(* For all $0<x<\pi/2$, \[ \frac{\frac{2\pi^4}{3}x^3+\left(\frac{8\pi^4}{15}-\frac{16\pi^2}{3}\right)x^5}{(\pi^2-4x^2)^2}<x\sec^2x-\tan x<\frac{\frac{2\pi^4}{3}x^3+\left(\frac{256}{\pi^2}-\frac{8\pi^2}{3}\right)x^5}{(\pi^2-4x^2)^2}, \] and the constants $\frac{8\pi^4}{15}-\frac{16\pi^2}{3}$ and $\frac{256}{\pi^2}-\frac{8\pi^2}{3}$ are the best possible. *)

From Stdlib Require Import Reals.
Open Scope R_scope.

Definition fsec (x : R) : R := x * (1 / (cos x) ^ 2) - tan x.

Definition bnd (c x : R) : R :=
  (2 * PI ^ 4 / 3 * x ^ 3 + c * x ^ 5) / (PI ^ 2 - 4 * x ^ 2) ^ 2.

Definition c_low : R := 8 * PI ^ 4 / 15 - 16 * PI ^ 2 / 3.
Definition c_up  : R := 256 / PI ^ 2 - 8 * PI ^ 2 / 3.

(* With [t = 2 x], [x sec^2 x - tan x = (t - sin t) / (1 + cos t)] and the bounds read
   [(pi^4 t^3 / 12 + c t^5 / 32) / (pi^2 - t^2)^2], so each inequality says that
   [gap c t = (pi^2 - t^2)^2 (t - sin t) - (1 + cos t) (pi^4 t^3 / 12 + c t^5 / 32)]
   has a constant sign on [(0, pi)].  Replacing sine and cosine by Taylor polynomials
   that bound them from the appropriate side bounds [gap] by polynomials in [t] and
   [pi] (in [s = pi - t] on [[pi/2, pi)]); after dividing out their zero at the
   endpoint, their positivity is certified by exact rational arithmetic on boxes,
   with pi enclosed in [[3.14159, 3.14160]].  The constants are sharp because
   [gap c_low] vanishes to order 7 at [t = 0] and [gap c_up] to order 3 at [t = pi],
   whereas changing [c] moves [gap] by order 5 at [0] and by order 2 at [pi]. *)

From Stdlib Require Import Reals QArith Qreals Qminmax Lra Lia List.
Open Scope R_scope.
Lemma one_plus_cos_pow_le d t N : 0 <= d <= Rabs t -> Rabs t <= PI ->
  0 <= (1 + cos t) ^ N <= (1 + cos d) ^ N.
Proof.
  intros Hd Ht. rewrite <- (cos_Rabs t). pose proof (COS_bound (Rabs t)).
  assert (cos (Rabs t) <= cos d) by (apply cos_decr_1; lra).
  split; [apply pow_le | apply pow_incr]; lra.
Qed.

Lemma one_plus_cos_pow_ge d t N : Rabs t <= d <= PI ->
  (1 + cos d) ^ N <= (1 + cos t) ^ N.
Proof.
  intros Ht. rewrite <- (cos_Rabs t). pose proof (COS_bound d). pose proof (Rabs_pos t).
  assert (cos d <= cos (Rabs t)) by (apply cos_decr_1; lra).
  apply pow_incr; lra.
Qed.

Lemma continuous_pos_near f x : continuous f x -> 0 < f x ->
  exists d, 0 < d /\ forall t, Rabs (t - x) < d -> f x / 2 < f t.
Proof.
  intros Hc Hpos.
  destruct (proj1 (filterlim_locally f (f x)) Hc (mkposreal (f x / 2) ltac:(lra))) as [d Hd].
  exists d. split; [apply cond_pos|]. intros t Ht.
  assert (Hball : Rabs (f t - f x) < f x / 2) by exact (Hd t Ht).
  apply Rabs_lt_between in Hball. lra.
Qed.

Lemma RInt_ge_const (f : R -> R) a b c : a <= b -> ex_RInt f a b ->
  (forall t, a < t < b -> c <= f t) -> (b - a) * c <= RInt f a b.
Proof.
  intros Hab Hf Hc.
  replace ((b - a) * c) with (RInt (fun _ => c) a b)
    by exact (RInt_const (V := R_CompleteNormedModule) a b c).
  apply RInt_le; auto. apply ex_RInt_const.
Qed.

Lemma continuous_lower_bound f a b : a <= b -> (forall x, continuous f x) ->
  exists M, 0 <= M /\ forall t, a <= t <= b -> - M <= f t.
Proof.
  intros Hab Hc.
  destruct (continuity_ab_min f a b) as [xm [Hmin _]];
    [exact Hab | intros; apply continuity_pt_filterlim, Hc |].
  exists (Rabs (f xm)). split; [apply Rabs_pos|].
  intros t Ht. pose proof (Rabs_pos (f xm)). pose proof (Rle_abs (- f xm)).
  rewrite Rabs_Ropp in *. specialize (Hmin t Ht). lra.
Qed.

Lemma pow_eventually_lt q r c : 0 <= q < r -> 0 < c -> exists N, q ^ N < c * r ^ N.
Proof.
  intros Hqr Hc.
  destruct (pow_lt_1_zero (q / r)) with (y := c) as [N HN]; [| exact Hc |].
  - rewrite Rabs_right by (apply Rle_ge, Rdiv_le_0_compat; lra).
    apply (Rmult_lt_reg_r r); [lra|]. unfold Rdiv. rewrite Rmult_assoc, Rinv_l; lra.
  - exists N. specialize (HN N (le_n N)).
    rewrite Rabs_right in HN by (apply Rle_ge, pow_le, Rdiv_le_0_compat; lra).
    replace (q ^ N) with ((q / r) ^ N * r ^ N) by (rewrite <- Rpow_mult_distr; f_equal; field; lra).
    apply Rmult_lt_compat_r; [apply pow_lt; lra | exact HN].
Qed.

(* The kernels (1 + cos t)^N concentrate at 0: outside [-d, d] they are at most q^N, on
   [-d/2, d/2] at least r^N, where q = 1 + cos d < r = 1 + cos (d/2). *)
Lemma RInt_cos_kernel_pos f : (forall x, continuous f x) -> 0 < f 0 ->
  exists N, 0 < RInt (fun t => f t * (1 + cos t) ^ N) (- PI) PI.
Proof.
  intros Hc Hf0. pose proof PI_RGT_0 as HPI.
  destruct (continuous_pos_near f 0 (Hc 0) Hf0) as [e [He Hnear]].
  set (d := Rmin (e / 2) (PI / 2)).
  assert (Hd : 0 < d <= PI / 2 /\ d < e).
  { unfold d. pose proof (Rmin_l (e / 2) (PI / 2)). pose proof (Rmin_r (e / 2) (PI / 2)).
    split; [split; [apply Rmin_glb_lt|] |]; lra. }
  destruct (continuous_lower_bound f (- PI) PI) as [M [HM0 HM]]; [lra | exact Hc |].
  set (q := 1 + cos d). set (r := 1 + cos (d / 2)).
  assert (Hqr : 0 <= q < r).
  { unfold q, r. pose proof (COS_bound d). split; [lra|].
    apply Rplus_lt_compat_l, cos_decreasing_1; lra. }
  destruct (pow_eventually_lt q r (d * f 0 / (4 * PI * (M + 1)))) as [N HN]; [exact Hqr | |].
  { apply Rdiv_lt_0_compat; [apply Rmult_lt_0_compat|]; nra. }
  exists N. set (F := fun t => f t * (1 + cos t) ^ N). change (0 < RInt F (- PI) PI).
  assert (HF : forall a b, ex_RInt F a b).
  { intros. apply ex_RInt_continuous_R. intros. unfold F.
    continuity_closure; [apply Hc | continuous_by_derive]. }
  pose proof (pow_le q N (proj1 Hqr)) as HqN.
  assert (Hlow : forall t, - PI <= t <= PI -> - M * q ^ N <= F t).
  { intros t Ht. unfold F. specialize (HM t Ht).
    destruct (Rlt_or_le (Rabs t) d) as [Htd|Htd].
    - assert (0 < f t)
        by (apply (Rlt_trans _ (f 0 / 2)); [lra | apply Hnear; rewrite Rminus_0_r; lra]).
      assert (0 <= f t * (1 + cos t) ^ N)
        by (apply Rmult_le_pos; [lra | apply pow_le; pose proof (COS_bound t); lra]).
      nra.
    - destruct (one_plus_cos_pow_le d t N) as [H0 H1]; [lra | apply Rabs_le; lra |]. fold q in H1.
      assert (0 <= (f t + M) * (1 + cos t) ^ N) by (apply Rmult_le_pos; lra).
      assert (0 <= M * (q ^ N - (1 + cos t) ^ N)) by (apply Rmult_le_pos; lra).
      lra. }
  assert (Hhigh : forall t, - (d / 2) <= t <= d / 2 -> f 0 / 2 * r ^ N <= F t).
  { intros t Ht. unfold F.
    assert (f 0 / 2 < f t) by (apply Hnear; rewrite Rminus_0_r; apply Rabs_le in Ht; lra).
    pose proof (one_plus_cos_pow_ge (d / 2) t N ltac:(split; [apply Rabs_le|]; lra)) as Hk.
    fold r in Hk. pose proof (pow_le r N ltac:(lra)).
    assert (0 <= (f t - f 0 / 2) * (1 + cos t) ^ N) by (apply Rmult_le_pos; lra).
    assert (0 <= f 0 / 2 * ((1 + cos t) ^ N - r ^ N)) by (apply Rmult_le_pos; lra).
    lra. }
  rewrite <- (RInt_Chasles F (- PI) (- (d / 2)) PI),
    <- (RInt_Chasles F (- (d / 2)) (d / 2) PI) by apply HF.
  pose proof (RInt_ge_const F (- PI) (- (d / 2)) _ ltac:(lra) (HF _ _)
                ltac:(intros; apply Hlow; lra)).
  pose proof (RInt_ge_const F (- (d / 2)) (d / 2) _ ltac:(lra) (HF _ _)
                ltac:(intros; apply Hhigh; lra)).
  pose proof (RInt_ge_const F (d / 2) PI _ ltac:(lra) (HF _ _) ltac:(intros; apply Hlow; lra)).
  assert (Hsmall : 4 * PI * (M + 1) * q ^ N < d * f 0 * r ^ N).
  { replace (d * f 0 * r ^ N) with (4 * PI * (M + 1) * (d * f 0 / (4 * PI * (M + 1)) * r ^ N))
      by (field; lra).
    apply Rmult_lt_compat_l; [nra | exact HN]. }
  assert (0 <= d * (M * q ^ N)) by (apply Rmult_le_pos; [lra | apply Rmult_le_pos; lra]).
  change (0 < RInt F (- PI) (- (d / 2)) + (RInt F (- (d / 2)) (d / 2) + RInt F (d / 2) PI)).
  nra.
Qed.

Lemma eq0_of_fourier_eq0 f : (forall x, continuous f x) -> periodic2pi f ->
  (forall m, fourier f m = RtoC 0) -> forall x, f x = 0.
Proof.
  intros Hc Hp Hz x.
  set (g := fun t => f (t - - x)).
  assert (Hgc : forall y, continuous g y).
  { intros y. apply (continuous_comp (fun t => t - - x) f); [continuous_by_derive | apply Hc]. }
  assert (Hgz : forall m, fourier g m = RtoC 0).
  { intros m. unfold g. rewrite fourier_comp_sub, Hz by assumption.
    apply injective_projections; cbn; ring. }
  assert (Hkernel : forall N, RInt (fun t => g t * (1 + cos t) ^ N) (- PI) PI = 0).
  { intros N. assert (E : PI = - PI + 2 * PI) by ring. rewrite E at 2.
    rewrite RInt_period_shift.
    - rewrite (RInt_ext _ (fun t => g t * (cos (IZR 0 * t + 0) * (1 + cos t) ^ N))).
      + apply RInt_cos_kernel_eq0; assumption.
      + intros t _. cbn. rewrite Rmult_0_l, Rplus_0_l, cos_0. ring.
    - intros y. continuity_closure; [apply Hgc | continuous_by_derive].
    - intros t. unfold g. rewrite <- (cos_add_2PI_Z t 1), <- (Hp (t - - x)).
      f_equal; [f_equal | do 3 f_equal]; ring. }
  replace (f x) with (g 0) by (unfold g; f_equal; ring).
  destruct (Rtotal_order (g 0) 0) as [Hneg | [Hzero | Hpos]]; [exfalso | exact Hzero | exfalso].
  - destruct (RInt_cos_kernel_pos (fun t => - g t)) as [N HN].
    + intros y. continuity_closure. apply Hgc.
    + lra.
    + rewrite (RInt_ext _ (fun t => -1 * (g t * (1 + cos t) ^ N))), RInt_scal_R, Hkernel in HN.
      * lra.
      * apply ex_RInt_continuous_R. intros y.
        continuity_closure; [apply Hgc | continuous_by_derive].
      * intros t _. cbn. ring.
  - destruct (RInt_cos_kernel_pos g Hgc Hpos) as [N HN]. rewrite Hkernel in HN. lra.
Qed.

Lemma fourier_inj f g : (forall x, continuous f x) -> (forall x, continuous g x) ->
  periodic2pi f -> periodic2pi g -> (forall m, fourier f m = fourier g m) -> forall x, f x = g x.
Proof.
  intros Hf Hg Hfp Hgp Hfg x.
  enough (f x + -1 * g x = 0) by lra.
  apply (eq0_of_fourier_eq0 (fun t => f t + -1 * g t)).
  - intros y. continuity_closure; auto.
  - intros t. now rewrite Hfp, Hgp.
  - intros m. rewrite fourier_plus_scal, Hfg by assumption.
    apply injective_projections; cbn; ring.
Qed.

▬▬▬▬▬▬▬▬▬▬

◆ **Activity**
Retype the records above, but only those lines that fall between the line containing "replace (d *" and the line containing "periodic2pi f -> periodic2pi", with both of those lines included, exactly as written.

◆ **Answer area**
  { replace (d * f 0 * r ^ N) with (4 * PI * (M + 1) * (d * f 0 / (4 * PI * (M + 1)) * r ^ N))
      by (field; lra).
    apply Rmult_lt_compat_l; [nra | exact HN]. }
  assert (0 <= d * (M * q ^ N)) by (apply Rmult_le_pos; [lra | apply Rmult_le_pos; lra]).
  change (0 < RInt F (- PI) (- (d / 2)) + (RInt F (- (d / 2)) (d / 2) + RInt F (d / 2) PI)).
  nra.
Qed.

Lemma eq0_of_fourier_eq0 f : (forall x, continuous f x) -> periodic2pi f ->
  (forall m, fourier f m = RtoC 0) -> forall x, f x = 0.
Proof.
  intros Hc Hp Hz x.
  set (g := fun t => f (t - - x)).
  assert (Hgc : forall y, continuous g y).
  { intros y. apply (continuous_comp (fun t => t - - x) f); [continuous_by_derive | apply Hc]. }
  assert (Hgz : forall m, fourier g m = RtoC 0).
  { intros m. unfold g. rewrite fourier_comp_sub, Hz by assumption.
    apply injective_projections; cbn; ring. }
  assert (Hkernel : forall N, RInt (fun t => g t * (1 + cos t) ^ N) (- PI) PI = 0).
  { intros N. assert (E : PI = - PI + 2 * PI) by ring. rewrite E at 2.
    rewrite RInt_period_shift.
    - rewrite (RInt_ext _ (fun t => g t * (cos (IZR 0 * t + 0) * (1 + cos t) ^ N))).
      + apply RInt_cos_kernel_eq0; assumption.
      + intros t _. cbn. rewrite Rmult_0_l, Rplus_0_l, cos_0. ring.
    - intros y. continuity_closure; [apply Hgc | continuous_by_derive].
    - intros t. unfold g. rewrite <- (cos_add_2PI_Z t 1), <- (Hp (t - - x)).
      f_equal; [f_equal | do 3 f_equal]; ring. }
  replace (f x) with (g 0) by (unfold g; f_equal; ring).
  destruct (Rtotal_order (g 0) 0) as [Hneg | [Hzero | Hpos]]; [exfalso | exact Hzero | exfalso].
  - destruct (RInt_cos_kernel_pos (fun t => - g t)) as [N HN].
    + intros y. continuity_closure. apply Hgc.
    + lra.
    + rewrite (RInt_ext _ (fun t => -1 * (g t * (1 + cos t) ^ N))), RInt_scal_R, Hkernel in HN.
      * lra.
      * apply ex_RInt_continuous_R. intros y.
        continuity_closure; [apply Hgc | continuous_by_derive].
      * intros t _. cbn. ring.
  - destruct (RInt_cos_kernel_pos g Hgc Hpos) as [N HN]. rewrite Hkernel in HN. lra.
Qed.

Lemma fourier_inj f g : (forall x, continuous f x) -> (forall x, continuous g x) ->
  periodic2pi f -> periodic2pi g -> (forall m, fourier f m = fourier g m) -> forall x, f x = g x.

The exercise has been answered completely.